*** Exercise inputs Section Begins ***

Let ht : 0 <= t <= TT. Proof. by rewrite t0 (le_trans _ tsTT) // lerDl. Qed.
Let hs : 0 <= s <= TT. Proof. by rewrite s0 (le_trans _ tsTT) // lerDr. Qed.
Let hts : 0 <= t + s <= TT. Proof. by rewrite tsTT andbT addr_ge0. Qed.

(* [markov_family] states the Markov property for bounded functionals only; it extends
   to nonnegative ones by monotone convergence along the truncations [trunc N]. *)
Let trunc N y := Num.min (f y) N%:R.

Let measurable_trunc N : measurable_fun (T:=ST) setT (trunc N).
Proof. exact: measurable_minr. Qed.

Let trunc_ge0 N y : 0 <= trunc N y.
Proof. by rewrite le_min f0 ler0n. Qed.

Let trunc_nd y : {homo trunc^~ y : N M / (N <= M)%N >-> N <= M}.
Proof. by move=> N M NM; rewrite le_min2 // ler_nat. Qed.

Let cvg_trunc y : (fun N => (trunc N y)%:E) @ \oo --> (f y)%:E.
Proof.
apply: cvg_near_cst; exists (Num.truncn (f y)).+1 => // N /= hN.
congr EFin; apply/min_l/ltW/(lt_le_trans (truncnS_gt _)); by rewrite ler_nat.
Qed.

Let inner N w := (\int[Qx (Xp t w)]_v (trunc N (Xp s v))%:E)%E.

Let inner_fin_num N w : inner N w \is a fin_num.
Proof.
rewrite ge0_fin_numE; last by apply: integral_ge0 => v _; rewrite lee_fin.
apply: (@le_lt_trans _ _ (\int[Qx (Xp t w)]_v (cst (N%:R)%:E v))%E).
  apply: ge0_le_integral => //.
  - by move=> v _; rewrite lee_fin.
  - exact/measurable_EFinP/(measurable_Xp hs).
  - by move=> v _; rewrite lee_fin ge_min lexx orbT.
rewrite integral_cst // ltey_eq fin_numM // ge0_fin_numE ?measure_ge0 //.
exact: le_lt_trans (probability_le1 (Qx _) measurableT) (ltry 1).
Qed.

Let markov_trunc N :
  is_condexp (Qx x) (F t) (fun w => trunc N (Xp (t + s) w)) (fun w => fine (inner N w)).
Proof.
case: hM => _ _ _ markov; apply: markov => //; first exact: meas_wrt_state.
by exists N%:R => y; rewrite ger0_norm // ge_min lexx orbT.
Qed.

*** Exercise inputs Section Ends ***

• Action item: Your answer should be one number: the count of lines in the records above that contain "exists".

• Exercise solution: 2